An officially sanctioned, new Prince album will be released in September. The news comes on the heels of the second anniversary of Prince’s death and the release of his long-unheard original 1984 version of “Nothing Compares 2 U.” Prince estate entertainment adviser Troy Carter, gave a long and detailed interview to Variety and spoke in depth about the future of Prince’s thousands of hours of unheard music.

Carter explained how the estate has gotten to the point of actually releasing material from the vault, revealing, “The last year was really about information collecting: meeting with various partners, meeting with the heirs and (estate executor) Comerica and figuring out what partners we need to bring on to help execute that vision. First and foremost, it was about organizing the vault and finding out what music exists, what footage exists, photos, personal notes, letters. Prince basically saved everything, so there are decades of music and video and artifacts, but it takes long time to go through each one of those and research the historical context: where is this from, who did he collaborate with, where was it recorded, what year, was it the final version?”

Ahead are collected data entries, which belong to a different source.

Lemma perp_gammaP n (X : 'M[K]_n) : in_perp_gamma X <-> (~~ odd n -> \tr X = 0).
Proof.
have bVg c : bV X (c *: gammaV K n) = (~~ odd n)%:R * (c * \tr X).
  by rewrite bV_gamma -mulr_natl natr_pchar2.
split => [perpX evn | tr0 Y [c ->]].
  by have := perpX _ (ex_intro _ 1 erefl); rewrite bVg evn mul1r mul1r.
by rewrite bVg; case: (odd n) tr0 => [_|->//]; rewrite ?mul0r ?mulr0.
Qed.

Lemma radical_scalar_pchar2 n (X : 'M[K]_n) : in_radical X -> X = \tr X *: gammaV K n.
Proof.
move=> radX; apply/matrixP => i j; rewrite /gammaV !mxE eq_sym.
have /eqP := radX (delta_mx j i).
by rewrite bV_delta addr_eq0 oppr_pchar2 // [j == i]eq_sym => /eqP.
Qed.

Lemma det_involution_pchar2 n (g : 'M[K]_n) : g *m g = 1%:M -> \det g = 1.
Proof.
move=> gg; have detg2 : \det g ^+ 2 = 1 by rewrite expr2 -det_mulmx gg det1.
have /eqP : (\det g + 1) ^+ 2 = 0.
  by rewrite sqrrD1 detg2 (mulrn_pchar hK) addr0 addrr_pchar2.
by rewrite expf_eq0 /= addr_eq0 oppr_pchar2 // => /eqP.
Qed.

(* In characteristic 2, t(a) t(a) = t(2a) = 1. *)
Lemma transvection_involutive_pchar2 n (a : K) (i j : 'I_n) : i != j ->
  transvection a i j *m transvection a i j = 1%:M.
Proof.
by move=> nij; rewrite transvectionD // addrr_pchar2 // /transvection scale0r addr0.
Qed.

(* Signs disappear in characteristic 2: permutation matrices lie in SL(V). *)
Lemma det_perm_pchar2 n (s : 'S_n) : \det (perm_mx s : 'M[K]_n) = 1.
Proof. by rewrite det_perm oppr_pchar2 // expr1n. Qed.

(* Part (ii): for n even, tr (c 1) = 0 forces the radical to vanish. *)
Lemma bV_nondegenerate_even n : ~~ odd n -> bV_nondegenerate K n.
Proof.
move=> evn X radX; have X_scalar := radical_scalar_pchar2 radX.
have trX0 : \tr X = 0 by rewrite {1}X_scalar mxtrace_gamma_pchar2 (negbTE evn) mulr0.
by rewrite X_scalar trX0 scale0r.
Qed.

Lemma radical_odd n (X : 'M[K]_n) : odd n -> in_radical X <-> in_span_gamma X.
Proof.
move=> odd_n; split => [radX | [c ->] Y]; first by exists (\tr X); apply: radical_scalar_pchar2.
by rewrite bV_sym bV_gamma -mulr_natl natr_pchar2 /= odd_n mul0r.
Qed.

Lemma ker_psi_perp_even n (X : 'M[K]_n) : ~~ odd n -> psiV X = 0 <-> in_perp_gamma X.
Proof. by move=> evn; rewrite (perp_gammaP X); split => // /(_ evn). Qed.

(* Part (iii): for n odd, tr (c 1) = c, so V (x) V* = Ker psi_V (+) <gamma>. *)
Lemma ker_psi_span_odd n (X : 'M[K]_n) : odd n -> psiV X = 0 -> in_span_gamma X -> X = 0.
Proof.
by move=> odd_n + [a eX]; rewrite /psiV eX mxtrace_gamma_pchar2 odd_n mulr1 => ->; rewrite scale0r.
Qed.

Lemma ker_psi_add_span_odd n (X : 'M[K]_n) : odd n ->
  exists A B : 'M[K]_n, psiV A = 0 /\ in_span_gamma B /\ X = A + B.
Proof.
move=> odd_n; exists (X - \tr X *: gammaV K n), (\tr X *: gammaV K n).
rewrite /psiV raddfB /= mxtrace_gamma_pchar2 odd_n mulr1 subrr subrK.
by split => //; split => //; exists (\tr X).
Qed.

End Char2.

Section StableSubspace.
Variable K : fieldType.
Hypothesis hK : (2 \in [pchar K])%N.
Variable n : nat.
Variable W : 'M[K]_n -> Prop.
Hypothesis subW : is_subspace W.
Hypothesis stabW : G_stable W.

Lemma stable0 : W 0. Proof. by case: subW. Qed.

Lemma stableZ a X : W X -> W (a *: X).
Proof. by move=> WX; have := proj2 subW a X 0 WX stable0; rewrite addr0. Qed.

Lemma stableD X Y : W X -> W Y -> W (X + Y).
Proof. by move=> WX WY; have := proj2 subW 1 X Y WX WY; rewrite scale1r. Qed.

Lemma stableB X Y : W X -> W Y -> W (X - Y).
Proof. by move=> WX WY; apply: stableD => //; rewrite -scaleN1r; apply: stableZ. Qed.

Lemma stable_sum (I : finType) (F : I -> 'M[K]_n) :
  (forall i, W (F i)) -> W (\sum_i F i).
Proof. by move=> WF; apply: (big_ind W stable0 stableD) => i _; apply: WF. Qed.

Lemma stable_conj g h X : \det g = 1 -> g *m h = 1%:M -> W X -> W (g *m X *m h).
Proof. by move=> detg gh WX; have := stabW detg WX; rewrite /actG (invmx_right gh). Qed.

Lemma stable_perm_conj (s : 'S_n) X : W X -> W (\matrix_(k, l) X (s k) (s l)).
Proof.
move=> WX; rewrite -perm_mx_conj; apply: stable_conj => //.
  exact: det_perm_pchar2.
by rewrite -perm_mxM mulgV perm_mx1.
Qed.

(* Transvections are involutions of determinant 1, so W is stable under the
   difference t X t - X of conjugation by t = 1 + a E_ij. *)
Lemma stable_transvection_diff a i j X : i != j -> W X ->
  W (transvection a i j *m X *m transvection a i j - X).
Proof.
move=> nij WX; have tt := transvection_involutive_pchar2 hK a nij.
by apply: stableB => //; apply: stable_conj => //; apply: det_involution_pchar2.
Qed.

(* Comparing the transvections with parameters 1 and c (c <> 0, 1) separates
   the linear and quadratic parts of t X t - X, which both lie in W. *)
Lemma stable_transvection_parts (c : K) i j X : c != 0 -> c != 1 -> i != j -> W X ->
  W (delta_mx i j *m X + X *m delta_mx i j) /\ W (X j i *: delta_mx i j).
Proof.
move=> c0 c1 nij WX.
have W1 := stable_transvection_diff 1 nij WX.
have Wc := stable_transvection_diff c nij WX.
rewrite transvection_conj scale1r expr1n mul1r in W1.
rewrite transvection_conj in Wc.
set A := delta_mx i j *m X + X *m delta_mx i j in W1 Wc *.
set E := X j i *: delta_mx i j.
have cc2 : c - c ^+ 2 != 0.
  by rewrite expr2 -{1}(mulr1 c) -mulrBr mulf_neq0 // subr_eq0 eq_sym.
have eE : (c - c ^+ 2) *: E =
    c *: (A + E) - (c *: A + (c ^+ 2 * X j i) *: delta_mx i j).
  by rewrite scalerDr opprD addrACA addrN add0r /E !scalerA -scalerBl mulrBl.
have WE : W E.
  rewrite -(scalerK cc2 E) eE; apply: stableZ.
  by apply: stableB => //; apply: stableZ.
by split => //; have := stableB W1 WE; rewrite addrK.
Qed.

(* One off-diagonal elementary matrix in W brings all of them, via permutations. *)
Lemma stable_delta_all i j : i != j -> W (delta_mx i j) ->
  forall k l, k != l -> W (delta_mx k l).
Proof.
move=> nij WE k l nkl; have [s [sk sl]] := perm_map_pair nkl nij.
have := stable_perm_conj s WE.
have -> // : \matrix_(a, b) (delta_mx i j : 'M[K]_n) (s a) (s b) = delta_mx k l.
by apply/matrixP => a b; rewrite !mxE -sk -sl !(inj_eq (@perm_inj _ _)).
Qed.

(* From E_ij in W, the linear part of the transvection for (j, i) gives
   E_ji E_ij + E_ij E_ji = E_ii + E_jj in W. *)
Lemma stable_delta_diag (c : K) i j : c != 0 -> c != 1 -> i != j ->
  W (delta_mx i j) -> W (delta_mx i i + delta_mx j j).
Proof.
move=> c0 c1 nij WE; have nji : j != i by rewrite eq_sym.
have [WA _] := stable_transvection_parts c0 c1 nji WE.
by rewrite !mul_delta_mx addrC in WA.
Qed.

(* The trace-zero matrices are spanned by the E_kl (k <> l) and the E_kk + E_k0k0. *)
Lemma stable_trace0 (k0 : 'I_n) : (forall k l, k != l -> W (delta_mx k l)) ->
  (forall k, W (delta_mx k k + delta_mx k0 k0)) ->
  forall Z, \tr Z = 0 -> W Z.
Proof.
move=> Woff Wdiag Z trZ.
have -> : Z = \sum_k \sum_l
    (if k == l then Z k l *: (delta_mx k l + delta_mx k0 k0) else Z k l *: delta_mx k l).
  transitivity (Z + \tr Z *: delta_mx k0 k0); first by rewrite trZ scale0r addr0.
  rewrite {1}(matrix_sum_delta Z) /mxtrace scaler_suml -big_split; apply: eq_bigr => k _ /=.
  rewrite [RHS](bigD1 k) //= eqxx scalerDr (bigD1 k) //= -!addrA; congr (_ + _).
  rewrite addrC; congr (_ + _); apply: eq_bigr => l nlk.
  by rewrite eq_sym (negbTE nlk).
apply: stable_sum => k; apply: stable_sum => l.
by case: eqP => [<-|/eqP nkl]; apply: stableZ; [apply: Wdiag | apply: Woff].
Qed.

(* A subspace containing <gamma> and all trace-zero matrices contains <gamma>^perp:
   for n even the latter is the trace-zero space, for n odd it is everything. *)
Lemma stable_perp_gamma :
  (forall X, in_span_gamma X -> W X) -> (forall Z, \tr Z = 0 -> W Z) ->
  forall X, in_perp_gamma X -> W X.
Proof.
move=> Wspan Wtr0 X /(perp_gammaP hK) perpX.
case: (boolP (odd n)) => [odd_n | /perpX]; last exact: Wtr0.
rewrite -(subrK (\tr X *: gammaV K n) X); apply: stableD; last by apply: Wspan; exists (\tr X).
by apply: Wtr0; rewrite raddfB /= mxtrace_gamma_pchar2 // odd_n mulr1 subrr.
Qed.

(* A matrix of W outside <gamma> yields an off-diagonal elementary matrix in W:
   either X has a nonzero off-diagonal entry X_ji, giving X_ji E_ij, or X is
   diagonal with X_ii <> X_k0k0, giving (X_ii + X_k0k0) E_ik0. *)
Lemma stable_offdiag_delta (c : K) (k0 : 'I_n) X : c != 0 -> c != 1 ->
  W X -> ~ in_span_gamma X -> exists i j, i != j /\ W (delta_mx i j).
Proof.
move=> c0 c1 WX nspanX.
case: (pickP (fun p : 'I_n * 'I_n => (p.1 != p.2) && (X p.2 p.1 != 0))).
  move=> [i j] /andP [/= nij nz]; exists i, j; split => //.
  have [_ /(stableZ (X j i)^-1)] := stable_transvection_parts c0 c1 nij WX.
  by rewrite scalerA mulVf // scale1r.
move=> offX; have {}offX i j : i != j -> X j i = 0.
  by move=> nij; have := offX (i, j); rewrite /= nij /= => /negbFE /eqP.
case: (pickP (fun i => X i i != X k0 k0)) => [i /= ni | diagX]; last first.
  case: nspanX; exists (X k0 k0); apply/matrixP => a b; rewrite /gammaV !mxE.
  case: (eqVneq a b) => [<-|nab]; last by rewrite offX 1?eq_sym // mulr0.
  by have /negbFE/eqP := diagX a; rewrite mulr1.
have nik : i != k0 by apply: contraNneq ni => ->.
exists i, k0; split => //.
have [WA _] := stable_transvection_parts c0 c1 nik WX.
have eA : delta_mx i k0 *m X + X *m delta_mx i k0 = (X k0 k0 + X i i) *: delta_mx i k0.
  apply/matrixP => a b; rewrite [LHS]mxE mul_delta_mxE mul_mx_deltaE !mxE.
  case: (eqVneq a i) => [->|nai]; case: (eqVneq b k0) => [->|nbk];
    by rewrite ?mulr1 ?mul1r ?mulr0 ?mul0r ?addr0 ?add0r // offX // eq_sym.
have nz : X k0 k0 + X i i != 0 by rewrite -(oppr_pchar2 hK (X k0 k0)) addrC subr_eq0.
by have := stableZ (X k0 k0 + X i i)^-1 WA; rewrite eA scalerA mulVf // scale1r.
Qed.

When asked if the new album will span the decades or fit in with a specific era, Carter said: “This will be more time-specific. Michael Howe, who’s been working with us on the archive, has done a tremendous job of finding some special pieces of work, and one of the pieces that he found, all of us fell in love with it and decided this was special enough for fans to hear. So we’re putting the final touches on it — it’ll come in the fall.”

He went on to explain the amount of material in the vault: “Prince recorded and rehearsed and performed constantly, and he taped everything, so once you think you’ve gotten close (to finding everything), you find new things. The vault was just one room and that room ran over into multiple rooms, and this was (mostly) before digitization so you have hard drives, and tapes and things like that. So we’re still in the process, and the fun part of my job is finding new things — every week I’m getting a new call about something special. Just two weeks ago we were doing a tape transfer and in one of the two-inch boxes we found the original lyrics to ‘Kiss’! It’s amazing, the things that are starting to surface.”

Troy Carter went on to say, that amazingly, Prince is still a part of the creative process: “He wrote down his thoughts and plans and how he ran his business, so he pretty much left a blueprint of how things should go. So listening to the music, the demos, seeing some of his notes and tape notes, you really get an idea of how his mind worked, and I’m honored to get a glimpse of his process. A little bit of what you saw in the ‘Nothing Compares. . .’ video — those were rehearsal tapes, so just seeing him work in rehearsal as if it was Madison Square Garden, performing for his bandmates like there were 100,000 people there, that was a beautiful process to watch.”

Along with Bob Dylan and the Beatles, Prince remains one of the most bootlegged performers in all of rock history — a fact that caused him tremendous grief during his career: “A lot of my ‘so called’ fans, they actually thrive off the fact that it’s stolen property. The best thing you can do is go back and get those mixes again and fix them up the way you always saw them completed, and then, y’know, reissue ’em.”